| What is required |
Take each line from the entries that holds "rhoL" and copy it out.

| Data for the task |
Definition alphaL : Cpx := Cmul (Copp Ci) (Cof zeta).
Definition betaL (x : R) (j : nat) : Cpx := qv x j.
Definition gammaL (x : R) (j : nat) : Cpx := Copp (Cconj (qv x j)).
Definition rhoL : Cpx := Cmul Ci (Cof zeta).

Definition AL (x : R) : Cpx :=
  Cadd (Cmul (Cof (-2)) (Cmul Ci (Cof (zeta * zeta))))
       (Cmul Ci (Cadd (Cmul (q1 x) (Cconj (q1 x))) (Cmul (q2 x) (Cconj (q2 x))))).
Definition BL (x : R) (j : nat) : Cpx :=
  Cadd (Cmul (Cof (2 * zeta)) (qv x j)) (Cmul Ci (qxv x j)).
Definition CL (x : R) (j : nat) : Cpx :=
  Cadd (Cmul (Cof (-2 * zeta)) (Cconj (qv x j))) (Cmul Ci (Cconj (qxv x j))).
Definition DL (x : R) (j k : nat) : Cpx :=
  Csub (if Nat.eqb j k then Cmul (Cof 2) (Cmul Ci (Cof (zeta * zeta))) else C0)
       (Cmul Ci (Cmul (Cconj (qv x j)) (qv x k))).

Definition Xmat (x : R) : Mat3 := fun i j =>
  match i, j with
  | O, O => alphaL
  | O, S j' => betaL x j'
  | S i', O => gammaL x i'
  | S i', S j' => if Nat.eqb i' j' then rhoL else C0
  end.

Definition Tmat (x : R) : Mat3 := fun i j =>
  match i, j with
  | O, O => AL x
  | O, S j' => BL x j'
  | S i', O => CL x i'
  | S i', S j' => DL x i' j'
  end.

Definition DshiftL (x : R) (Om : Cpx) (j k : nat) : Cpx :=
  Csub (DL x j k) (if Nat.eqb j k then Om else C0).

Definition det2 (M : nat -> nat -> Cpx) : Cpx :=
  Csub (Cmul (M 0%nat 0%nat) (M 1%nat 1%nat)) (Cmul (M 0%nat 1%nat) (M 1%nat 0%nat)).

Definition inv2 (M : nat -> nat -> Cpx) (j k : nat) : Cpx :=
  let adj := match j, k with
             | O, O => M 1%nat 1%nat
             | O, _ => Copp (M 0%nat 1%nat)
             | _, O => Copp (M 1%nat 0%nat)
             | _, _ => M 0%nat 0%nat
             end in
  Cmul adj (Cinv (det2 M)).

Definition integrandL (Om : Cpx) (x : R) : Cpx :=
  let Mi := inv2 (DshiftL x Om) in
  Cadd (Cadd (Cmul (betaL x 0) (Cmul (Mi 0%nat 0%nat) (CL x 0)))
             (Cmul (betaL x 0) (Cmul (Mi 0%nat 1%nat) (CL x 1))))
       (Cadd (Cmul (betaL x 1) (Cmul (Mi 1%nat 0%nat) (CL x 0)))
             (Cmul (betaL x 1) (Cmul (Mi 1%nat 1%nat) (CL x 1)))).

End Lax.

From Stdlib Require Import Reals Lra Lia FunctionalExtensionality.
Open Scope R_scope.

(* T is skew-Hermitian by direct computation, so v* T v = Om |v|^2 forces Re Om = 0.
   Where det (D - Om) <> 0, the Om-eigenspace of T is the line through
   v = (1, w), w = -(D - Om)^-1 C. Differentiating (T - Om) v = 0 with T' = [X, T] shows
   that X v - v' lies in the same eigenspace, so v' = X v - (X v)_0 v. Since X is
   skew-Hermitian too, (|v|^2)' = -2 Re (X v)_0 |v|^2, and Re (X v)_0 = Re (beta^T w)
   is minus the real part of the integrand because Re alpha = 0. Hence ln |v|^2 / 2 is a
   primitive of the integrand; it is P-periodic, so the integral over a period vanishes. *)

Definition Cone : Cpx := Cof 1.
Definition Cdiv (z w : Cpx) : Cpx := Cmul z (Cinv w).
Definition Cnorm2 (z : Cpx) : R := Cre z * Cre z + Cim z * Cim z.

Lemma Cext (z w : Cpx) : Cre z = Cre w -> Cim z = Cim w -> z = w.
Proof. destruct z, w; simpl; intros -> ->; reflexivity. Qed.

Lemma Cnorm2_pos (z : Cpx) : z <> C0 -> 0 < Cnorm2 z.
Proof.
  destruct z as [a b]; unfold Cnorm2; simpl; intro Hz.
  assert (a <> 0 \/ b <> 0) as [Ha | Hb].
  { destruct (Req_dec a 0), (Req_dec b 0); subst; auto. }
  all: nra.
Qed.

Lemma Cring : ring_theory C0 Cone Cadd Cmul Csub Copp (@eq Cpx).
Proof.
  constructor; intros; apply Cext; destruct x; try destruct y; try destruct z;
  unfold C0, Cone, Cof, Cadd, Cmul, Csub, Copp; simpl; ring.
Qed.

Lemma Cfield : field_theory C0 Cone Cadd Cmul Csub Copp Cdiv Cinv (@eq Cpx).
Proof.
  constructor; [exact Cring | | reflexivity |].
  - unfold Cone, C0, Cof; intro H; injection H; lra.
  - intros z Hz; pose proof (Cnorm2_pos z Hz) as N; unfold Cnorm2 in N.
    apply Cext; destruct z as [a b]; unfold Cinv, Cmul, Cone, Cof; simpl in *;
    field; lra.
Qed.

Add Field Cfield_inst : Cfield.

Lemma Cmul_cancel_l (z a b : Cpx) : z <> C0 -> Cmul z a = Cmul z b -> a = b.
Proof.
  intros Hz H. transitivity (Cmul (Cinv z) (Cmul z a)); [field; exact Hz |].
  rewrite H. field; exact Hz.
Qed.

Lemma Csub_eq0 (a b : Cpx) : Csub a b = C0 -> a = b.
Proof. intro H. transitivity (Cadd (Csub a b) b); [ring | rewrite H; ring]. Qed.

Lemma derivable_pt_lim_eq (f : R -> R) x l l' :
  derivable_pt_lim f x l -> l = l' -> derivable_pt_lim f x l'.
Proof. now intros H <-. Qed.

Lemma Cderiv_eq f x l l' : Cderiv f x l -> l = l' -> Cderiv f x l'.
Proof. now intros H <-. Qed.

| Response to this exercise |
Definition rhoL : Cpx := Cmul Ci (Cof zeta).
  | S i', S j' => if Nat.eqb i' j' then rhoL else C0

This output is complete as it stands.